宮廷蕭寂, 桓秋寧拉著照山白的衣角,晃悠悠地走在寂靜的宮道上。

起初,照山白很想與桓秋寧保持距離, 畢竟宮裏人多眼雜,他不想讓旁人議論。然而, 無論他是好言相勸還是冷臉無視, 桓秋寧非要與他走在一起,還一定要抓著他的衣袖。

簡直是無理取鬧!

“大半夜的誰在罵我!”

桓秋寧打了噴嚏,轉頭看著照山白, 歪頭問道:“你是不是在心裏偷偷地罵我了?照山白,你看看, 這周圍連個活人都沒有, 要不是我陪著你, 你一個人敢去那種地方麽?”

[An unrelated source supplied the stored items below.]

Lemma C1_lipschitz T g : 0 < T -> C1_on 0 T g ->
  exists L, 0 <= L /\ forall x y, 0 <= x <= T -> 0 <= y <= T ->
    Rabs (g x - g y) <= L * Rabs (x - y).
Proof.
  intros HT [dg [Hd Hc]].
  destruct (cont_ed_bounded 0 T dg) as [B HB]; [lra| intros x Hx; apply cont_ed_of_within, Hc, Hx |].
  set (L := Rabs B + 1). exists L. split; [pose proof (Rabs_pos B); unfold L; lra|].
  assert (HdL : forall x, 0 <= x <= T -> Rabs (dg x) < L).
  { intros x Hx. specialize (HB x Hx). pose proof (Rle_abs B). unfold L; lra. }
  assert (Hinc : forall p q, 0 <= p <= q -> q <= T -> Rabs (g q - g p) <= L * (q - p)).
  { intros p q Hp Hq.
    assert (sub : forall z, Icc p q z -> Icc 0 T z) by (intros z [? ?]; split; lra).
    assert (Dg : forall x, p <= x <= q -> derive_ed (Icc p q) g x (dg x)).
    { intros x Hx. apply (derive_ed_subset _ _ _ _ _ sub), derive_ed_of_within, Hd. split; lra. }
    assert (Hup := increment_bound p q g dg L ltac:(lra) Dg).
    assert (Hdown := increment_bound p q (fun z => - g z) (fun x => - dg x) L ltac:(lra)).
    apply Rabs_le. split.
    - enough (- g q - - g p <= L * (q - p)) by lra.
      apply Hdown; [intros x Hx; apply derive_ed_opp, Dg, Hx|].
      intros x Hx. pose proof (HdL x ltac:(lra)). pose proof (Rle_abs (- dg x)).
      rewrite Rabs_Ropp in *. lra.
    - apply Hup. intros x Hx. pose proof (HdL x ltac:(lra)). pose proof (Rle_abs (dg x)). lra. }
  intros x y Hx Hy. destruct (Rle_dec x y) as [h|h].
  - rewrite (Rabs_minus_sym (g x)), (Rabs_minus_sym x), (Rabs_right (y - x)) by lra.
    apply Hinc; lra.
  - rewrite (Rabs_right (x - y)) by lra. apply Hinc; lra.
Qed.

照山白趁機抽回了袖子, 淡定道:“我可以明日再去。”

桓秋寧擡手蹭了蹭鼻尖,打趣兒道:“明日覆明日,你要等到什麽時候。查案這種事情,就是要神不知鬼不覺的去查, 要搶占先機, 你懂不懂。”

他這語氣,像是在哄小孩。

“查案,其實也可以光明正大地查。”照山白加快了步子,把桓秋寧甩在了身後。

桓秋寧撒腿就跑,他身輕如燕,三兩步便追上了。

他勾著照山白的後背,道:“別走那麽快啊,我聽說這詠梅苑可是個邪乎的地方, 你想想,但凡是有關荼修宜的傳聞,大多血腥又怪異,要麽出人命要麽就是鬧鬼,你一個人不行吧,我來幫你啊。”

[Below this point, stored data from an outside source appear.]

Lemma forbidden_small i : small (forbidden i).
Proof.
  destruct Turing_class_enumeration as [enum Henum].
  apply (small_subset _ (fun z => exists n,
           (exists m, enum (rat_of_nat n) m = z) \/
           (exists j, lt j i /\ enum (point j) n = z) \/
           (exists j, lt j i /\ enum (task_map j (point j)) n = z))).
  - intros z [[n Hn]|[j [Hj [H|H]]]].
    + destruct (Henum _ _ Hn) as [m Hm]. exists n. left. exists m. exact Hm.
    + destruct (Henum _ _ H) as [m Hm]. exists m. right; left. exists j. auto.
    + destruct (Henum _ _ H) as [m Hm]. exists m. right; right. exists j. auto.
  - apply small_countable_union. intro n.
    repeat apply small_or; [apply small_range_nat | apply small_image, segment_small ..].
Qed.

Lemma admissible_exists i : exists x, admissible i (forbidden i) x.
Proof.
  set (Target := fun z => task i 0 = 0 -> task i 1 < task i 2 -> task i 1 < z < task i 2).
  assert (Target_large : ~ small Target).
  { destruct (classic (task i 0 = 0 /\ task i 1 < task i 2)) as [[H0 H12]|Hn].
    - intro Hs. apply (interval_not_small _ _ H12).
      apply (small_subset _ Target); [|exact Hs]. intros z Hz _ _. exact Hz.
    - intro Hs. apply (interval_not_small 0 1); [lra|].
      apply (small_subset _ Target); [|exact Hs]. intros z _ H0 H12. tauto. }
  set (Bad := fun z => forbidden i z \/
                (task i 0 <> 0 /\ Injective (task_map i) /\ forbidden i (task_map i z))).
  assert (Bad_small : small Bad).
  { destruct (classic (Injective (task_map i))) as [Hinj|Hinj].
    - apply (small_subset _ (fun z => forbidden i z \/ forbidden i (task_map i z))).
      + intros z [H|[_ [_ H]]]; auto.
      + apply small_or; [|apply small_preimage; [exact Hinj|]]; apply forbidden_small.
    - apply (small_subset _ (forbidden i)); [|apply forbidden_small].
      intros z [H|[_ [H _]]]; [exact H | contradiction]. }
  destruct (not_small_minus_small Target Bad Target_large Bad_small) as [z [Hz Hbad]].
  exists z. split; [exact Hz|]. split.
  - intro H. apply Hbad. left. exact H.
  - intros H0 Hinj H. apply Hbad. right. auto.
Qed.

Lemma point_admissible i : admissible i (forbidden i) (point i).
Proof. rewrite point_eq. apply epsilon_spec, admissible_exists. Qed.

Lemma point_inj : Injective point.
Proof.
  intros i i' E.
  destruct (lt_trichotomy i i') as [L|[Eq|L]]; [exfalso | exact Eq | exfalso].
  - apply (proj1 (proj2 (point_admissible i'))). right. exists i.
    rewrite E. split; [exact L | left; apply rst_refl].
  - apply (proj1 (proj2 (point_admissible i))). right. exists i'.
    rewrite E. split; [exact L | left; apply rst_refl].
Qed.

Definition selected (P : R -> Prop) (i : I) : Prop :=
  task i 0 = 0 \/ (task i 0 <> 0 /\ P (task i 1)).

Definition family (P : R -> Prop) (z : R) : Prop :=
  rational_class z \/ exists i, selected P i /\ Turing_class (point i) z.

Lemma family_closed P : closed_under_Turing_equiv (family P).
Proof.
  intros x y [[n Hn]|[i [Hi Hx]]] Hxy.
  - left. exists n. eapply rst_trans; [exact Hn | apply rst_step, Hxy].
  - right. exists i. split; [exact Hi|]. eapply rst_trans; [exact Hx | apply rst_step, Hxy].
Qed.

Lemma family_rational P n : family P (rat_of_nat n).
Proof. left. exists n. apply rst_refl. Qed.

Definition interval_task (a b r : R) : nat -> R :=
  fun n => match n with 1%nat => a | 2%nat => b | 3%nat => r | _ => 0 end.

Lemma interval_point P a b r :
  a < b -> a < point (stage (interval_task a b r)) < b /\
           family P (point (stage (interval_task a b r))).
Proof.
  intro Hab. pose proof (proj1 (point_admissible (stage (interval_task a b r)))) as Hin.
  rewrite task_stage in Hin. split; [exact (Hin eq_refl Hab)|].
  right. exists (stage (interval_task a b r)). split; [|apply rst_refl].
  left. rewrite task_stage. reflexivity.
Qed.

Lemma family_dense P a b : a < b -> exists w, a < w < b /\ family P w.
Proof. intro Hab. eexists. exact (interval_point P a b 0 Hab). Qed.

Lemma family_c_dense P : c_dense (family P).
Proof.
  intros a b Hab.
  apply (Cardinality.equipotent_of_injections _ _ (@proj1_sig _ _)
           (fun r => exist _ _ (interval_point P a b r Hab))).
  - apply proj1_sig_injective.
  - intros r r' E. apply (f_equal (@proj1_sig _ _)), point_inj, stage_inj in E.
    exact (f_equal (fun s => s 3%nat) E).
Qed.

Lemma task_map_image_not_in_family Q i :
  task i 0 <> 0 -> ~ Q (task i 1) -> ~ forbidden i (task_map i (point i)) ->
  ~ family Q (task_map i (point i)).
Proof.
  intros Hpair HQ Hfree [Hrat|[j [Hj Hjy]]]; [apply Hfree; left; exact Hrat|].
  destruct (lt_trichotomy j i) as [L|[<-|L]].
  - apply Hfree. right. exists j. auto.
  - destruct Hj as [H|[_ H]]; contradiction.
  - apply (proj1 (proj2 (point_admissible j))). right. exists i.
    split; [exact L | right; apply rst_sym, Hjy].
Qed.

(* For [p] in [P \ Q], the stage with task [(1, p, phi on the rationals)] gives a point
   of [family P] whose image under [phi] avoids [family Q]. *)
Lemma not_order_iso_on_family P Q p phi :
  P p -> ~ Q p -> ~ order_iso_on (family P) (family Q) phi.
Proof.
  intros Pp Qp Hiso.
  set (k := fun n => phi (rat_of_nat n)).
  set (i := stage (fun n => match n with O => 1 | 1%nat => p | S (S m) => k m end)).
  assert (task_i : task i = fun n => match n with O => 1 | 1%nat => p | S (S m) => k m end)
    by apply task_stage.
  assert (map_i : task_map i = rat_extension k) by (unfold task_map; rewrite task_i; reflexivity).
  assert (k_incr : rat_increasing k).
  { intros n m. destruct Hiso as [_ [_ phi_mono]].
    apply (phi_mono _ _ (family_rational P n) (family_rational P m)). }
  assert (Hpair : task i 0 <> 0) by (rewrite task_i; simpl; lra).
  assert (Hfree : ~ forbidden i (task_map i (point i))).
  { apply (proj2 (proj2 (point_admissible i))); [exact Hpair|].
    rewrite map_i. apply rat_extension_inj, k_incr. }
  assert (Hx : family P (point i)).
  { right. exists i. split; [|apply rst_refl]. right. rewrite task_i. auto. }
  assert (Ephi : phi (point i) = task_map i (point i)).
  { rewrite map_i. symmetry.
    apply (order_iso_on_rat_extension (family P) (family Q)); auto.
    - apply family_rational.
    - apply family_dense. }
  apply (task_map_image_not_in_family Q i Hpair); [rewrite task_i; exact Qp | exact Hfree |].
  rewrite <- Ephi. apply (proj1 Hiso), Hx.
Qed.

“豪言壯志”剛說出不久,桓秋寧看著詠梅苑爬滿蛛絲的牌匾,渾身一顫,嚇出了一身冷汗。也不是害怕,誰讓這個地方是在是太詭異了!

桓秋寧“嘖嘖”道:“太陰森了!這種地方真的住過人嗎?照山白,我覺得你挺有先見之明的,‘明日再來’果真是個不錯的打算。”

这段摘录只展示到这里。